A chemoenzymatic method used for preparing N-[N-(3-3dimethylbutyl)-L-a aspertyl]-L-phenylamine 1- methyl ester via the enzymatic regioselective hydrolysis of neotame ester using lipases or estarages (Prakash and Zhao 2001).

Another method involve the hydrogenation of L-α-aspartyl –L- phenylalanine I methyl ester and 3–3 dimethylbutyraldehyde produced insitu by the hydrolysis or cleavage of a 3-3-dimethylbutyraldehyde precursor (Prakash 2007).
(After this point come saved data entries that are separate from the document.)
Lemma inv_word_cons x u : inv_word (x :: u) = inv_word u ++ [inv x].
Proof. reflexivity. Qed.

Lemma eval_inv_wordK u : eval (inv_word u) ** eval u = one.
Proof.
  induction u as [|x u IH]; simpl; [apply gmul1l|].
  rewrite inv_word_cons, eval_app; simpl.
  rewrite gmul1r, <- gmulA, (gmulA (inv x)), gmulVl, gmul1l.
  exact IH.
Qed.

Section Subgroup.
Context {H : G -> Prop} (H_sub : is_subgroup H).

Lemma subgroup_inv x : H (inv x) <-> H x.
Proof.
  destruct H_sub as [_ [_ Hinv]].
  split; intro Hx; [rewrite <- ginvK|]; auto.
Qed.

Lemma subgroup_mull {h} x : H h -> H (h ** x) <-> H x.
Proof.
  destruct H_sub as [_ [Hmul Hinv]]; intro Hh; split; intro Hx; auto.
  replace x with (inv h ** (h ** x)) by now rewrite gmulA, gmulVl, gmul1l.
  auto.
Qed.

Lemma subgroup_mulr {h} x : H h -> H (x ** h) <-> H x.
Proof.
  destruct H_sub as [_ [Hmul Hinv]]; intro Hh; split; intro Hx; auto.
  replace x with ((x ** h) ** inv h) by now rewrite <- gmulA, gmulVr, gmul1r.
  auto.
Qed.

End Subgroup.
End GroupFacts.

Lemma nat_min_exists (P : nat -> Prop) :
  (exists n, P n) -> exists m, P m /\ forall n, P n -> m <= n.
Proof.
  intro Hex.
  destruct (dec_inh_nat_subset_has_unique_least_element P (fun n => classic (P n)) Hex)
    as [m [Hm _]].
  exists m; exact Hm.
Qed.

Lemma nat_max_exists (P : nat -> Prop) N :
  (exists n, P n) -> (forall n, P n -> n <= N) -> exists m, P m /\ forall n, P n -> n <= m.
Proof.
  intros [n Hn] Hbound.
  destruct (nat_min_exists (fun j => P (N - j))) as [j [Hj Hmin]].
  { exists (N - n). replace (N - (N - n)) with n by (specialize (Hbound n Hn); lia). exact Hn. }
  exists (N - j); split; [exact Hj|].
  intros k Hk. specialize (Hbound k Hk).
  assert (j <= N - k) by (apply Hmin; now replace (N - (N - k)) with k by lia).
  lia.
Qed.

Section Occurrences.
Context {G : Group} {w : list G} (w_ne : w <> []).

Lemma occ_app_l k p u : occ w k u -> occ w k (p ++ u).
Proof.
  destruct 1 as [|k q u Hu]; [constructor|].
  rewrite app_assoc. now constructor.
Qed.

Lemma occ_pred {k u} : occ w (S k) u -> occ w k u.
Proof. intro H; inversion H; subst. rewrite app_assoc. now apply occ_app_l. Qed.

Lemma occ_le j k u : occ w k u -> j <= k -> occ w j u.
Proof.
  intros Hk Hjk; revert Hk; induction Hjk as [|m _ IH]; [easy|].
  intro Hm; exact (IH (occ_pred Hm)).
Qed.

Lemma occ_length {k u} : occ w k u -> k <= length u.
Proof.
  induction 1; [lia|].
  rewrite !length_app. destruct w; [congruence|]. simpl. lia.
Qed.

Lemma occ_cons_inv {k y u} : occ w k (y :: u) -> (forall s, w <> y :: s) -> occ w k u.
Proof.
  intros Hk Hy; remember (y :: u) as v eqn:E.
  destruct Hk as [|k p v Hv]; [constructor|].
  destruct p as [|y' p]; simpl in E.
  - destruct w as [|a s]; [easy|].
    injection E as -> _. now destruct (Hy s).
  - injection E as _ <-. now constructor.
Qed.

Lemma occ_count_exists u : exists k, occ_count w u k.
Proof.
  destruct (nat_max_exists (fun k => occ w k u) (length u)) as [k Hk].
  - exists 0; constructor.
  - intros n; now apply occ_length.
  - now exists k.
Qed.

End Occurrences.

Section ReducedForm.
Context {G : Group} (A B C : G -> Prop).
Local Notation "x ** y" := (@gmul G x y) (at level 40, left associativity).
Local Notation one := (@gone G).
Local Notation inv := (@ginv G).

Hypothesis A_sub : is_subgroup A.
Hypothesis B_sub : is_subgroup B.
Hypothesis C_AB : forall x, C x <-> A x /\ B x.

Definition same_factor (x y : G) : Prop := (A x /\ A y) \/ (B x /\ B y).
Definition syllable (x : G) : Prop := (A x \/ B x) /\ ~ C x.
Definition letter (x : G) : Prop := (A x \/ B x) /\ x <> one.

Fixpoint separated (u : list G) : Prop :=
  match u with
  | x :: (y :: _) as u' => ~ same_factor x y /\ separated u'
  | _ => True
  end.

Definition alt_word (u : list G) : Prop := Forall syllable u /\ separated u.
Definition reduced_word (u : list G) : Prop := Forall letter u /\ separated u.

Ltac factor_tauto :=
  unfold syllable, letter, same_factor in *;
  repeat match goal with
  | _ : context [A ?t] |- _ =>
      lazymatch goal with _ : C t <-> _ |- _ => fail | _ => pose proof (C_AB t) end
  | |- context [A ?t] =>
      lazymatch goal with _ : C t <-> _ |- _ => fail | _ => pose proof (C_AB t) end
  end;
  tauto.

Lemma separated_tail {x u} : separated (x :: u) -> separated u.
Proof. destruct u; simpl; tauto. Qed.

Lemma separated_pair {u} : separated u ->
  forall l a b m, u = l ++ a :: b :: m -> ~ same_factor a b.
Proof.
  intros Hu l; revert u Hu; induction l as [|x l IH]; intros u Hu a b m ->.
  - exact (proj1 Hu).
  - exact (IH _ (separated_tail Hu) a b m eq_refl).
Qed.

Lemma separated_of_no_pair u :
  (forall l a b m, u = l ++ a :: b :: m -> ~ same_factor a b) -> separated u.
Proof.
  induction u as [|x u IH]; intro Hno; [exact I|].
  destruct u as [|y u]; [exact I|]; split.
  - exact (Hno [] x y u eq_refl).
  - apply IH; intros l a b m E. apply (Hno (x :: l) a b m). now rewrite E.
Qed.

Lemma separated_join {l b m} :
  separated (l ++ [b]) -> separated (b :: m) -> separated (l ++ b :: m).
Proof.
  induction l as [|a l IH]; [easy|].
  destruct l as [|c l]; simpl; intros [Hab Hl] Hm.
  - now split.
  - split; [exact Hab | exact (IH Hl Hm)].
Qed.

Lemma alternating_separated u : alternating A B C u -> separated u.
Proof.
  induction u as [|x u IH]; [easy|].
  destruct u as [|y u]; [easy|]; simpl; intros [Hxy Hu].
  split; [factor_tauto | exact (IH Hu)].
Qed.

Lemma alt_word_alternating u : alt_word u -> alternating A B C u.
Proof.
  induction u as [|x u IH]; [easy|]; intros [Hf Hs].
  apply Forall_cons_iff in Hf as [Hx Hf].
  destruct u as [|y u]; [simpl; factor_tauto|].
  apply Forall_cons_iff in Hf as [Hy Hf'].
  destruct Hs as [Hxy Hs]; split.
  - factor_tauto.
  - apply IH; split; [now constructor | exact Hs].
Qed.

Lemma syllable_inv x : syllable (inv x) <-> syllable x.
Proof. pose proof (subgroup_inv A_sub x); pose proof (subgroup_inv B_sub x); factor_tauto. Qed.

Lemma same_factor_invl x y : same_factor (inv x) y <-> same_factor x y.
Proof. pose proof (subgroup_inv A_sub x); pose proof (subgroup_inv B_sub x); factor_tauto. Qed.

Lemma same_factor_invr x y : same_factor x (inv y) <-> same_factor x y.
Proof. pose proof (subgroup_inv A_sub y); pose proof (subgroup_inv B_sub y); factor_tauto. Qed.

Lemma syllable_mulCl c x : C c -> syllable x -> syllable (c ** x) /\ same_factor x (c ** x).
Proof.
  intros Hc; apply C_AB in Hc as [HcA HcB].
  pose proof (subgroup_mull A_sub x HcA); pose proof (subgroup_mull B_sub x HcB); factor_tauto.
Qed.

Lemma syllable_mulCr c x : C c -> syllable x -> syllable (x ** c) /\ same_factor x (x ** c).
Proof.
  intros Hc; apply C_AB in Hc as [HcA HcB].
  pose proof (subgroup_mulr A_sub x HcA); pose proof (subgroup_mulr B_sub x HcB); factor_tauto.
Qed.

Lemma C_one : C one.
Proof. apply C_AB; split; [apply A_sub | apply B_sub]. Qed.

Lemma alt_word_tail {x u} : alt_word (x :: u) -> alt_word u.
Proof. intros [Hf Hs]; split; [now inversion Hf | exact (separated_tail Hs)]. Qed.

Lemma alt_word_cons a b m :
  syllable a -> ~ same_factor a b -> alt_word (b :: m) -> alt_word (a :: b :: m).
Proof. intros Ha Hab [Hf Hs]; split; [now constructor | now split]. Qed.

Lemma alt_word_join {l b m} :
  alt_word (l ++ [b]) -> alt_word (b :: m) -> alt_word (l ++ b :: m).
Proof.
  intros [Hf Hs] [Hf' Hs']; split; [|exact (separated_join Hs Hs')].
  apply Forall_app in Hf as [Hl _]; now apply Forall_app.
Qed.

Lemma alt_word_replace {l x m} y :
  alt_word (l ++ x :: m) -> syllable y -> same_factor x y -> alt_word (l ++ y :: m).
Proof.
  intros [Hf Hs] Hy Hxy; split.
  { apply Forall_app in Hf as [Hl Hm]; apply Forall_app; split; [exact Hl|].
    constructor; [exact Hy | now inversion Hm]. }
  revert Hf Hs; induction l as [|a l IH]; intros Hf Hs.
  - destruct m as [|z m]; [exact I|]; split; [|exact (proj2 Hs)].
    apply Forall_cons_iff in Hf as [Hx Hf]; apply Forall_cons_iff in Hf as [Hz _].
    destruct Hs as [Hxz _]; factor_tauto.
  - apply Forall_cons_iff in Hf as [Ha Hf].
    specialize (IH Hf (separated_tail Hs)).
    destruct l as [|b l]; simpl in *; split; try tauto.
    apply Forall_cons_iff in Hf as [Hx _]; destruct Hs as [Hax _]; factor_tauto.
Qed.

Lemma alt_word_inv {p} : alt_word p -> alt_word (inv_word p).
Proof.
  induction p as [|y p IH]; intros Hp; [easy|]; rewrite inv_word_cons.
  destruct p as [|z p]; simpl.
  - destruct Hp as [Hf _]; apply Forall_cons_iff in Hf as [Hy _].
    split; [constructor; [now apply syllable_inv | constructor] | exact I].
  - specialize (IH (alt_word_tail Hp)); rewrite inv_word_cons in IH.
    destruct Hp as [Hf [Hyz _]].
    apply Forall_cons_iff in Hf as [Hy Hf]; apply Forall_cons_iff in Hf as [Hz _].
    rewrite inv_word_cons, <- app_assoc; apply (alt_word_join IH), alt_word_cons.
    + now apply syllable_inv.
    + rewrite same_factor_invl, same_factor_invr; unfold same_factor in *; tauto.
    + split; [constructor; [now apply syllable_inv | constructor] | exact I].
Qed.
Metabolism and health aspect

Neotame is rapidly metabolized, completely eliminated and does not accumulate in the body. The major metabolic pathway of neotame is hydrolysis of the methyl ester by esterase which is present throughout the body. This yields deesterified neotame, the major metabolite and a significant amount of methanol. Due to the presence of the 3-3-di-methylbutyl group, peptidases which would typically break the peptide bond between the aspartic acid and phenylalanine moieties are essentially blocked, thus reducing the availability of phenylalanine. The amount of methanol derived from neotame is exceedingly small (Neotame 2002). Neotame was approved by the USFDA as a general purpose sweetener in July 2002 (USFDA 2002). It has also been favorably evaluated by JECFA (JFECFA 2004) which established an ADI of 2mg/kg body weight/day. The ADI for neotame in the US is 18 mg/person/day (USFDA 2002).

Alitame

Alitame (Fig. 1g) is an intense sweetener with sweetness potency 200 times greater than that of sucrose. It is a dipeptide of L-aspartic acid and D-alanine with a terminal N-substituted tetra methylthietanyl-amine moiety.

Synthesis

Alitame is prepared by a multi step synthesis involving the reaction between two intermediates (S)-[2-5-dioxo-(4-thiazolidine)] acetic acid and (R) –2- amino-N-(2,2,4-4-tetramethyl-3-thietanyl) propanamides. The final product is isolated and purified by crystallization of an alitame −4-methylbenzenesulfonic acid adduct followed by additional purification steps and finally recrystallization from water (Peter et al. 2002).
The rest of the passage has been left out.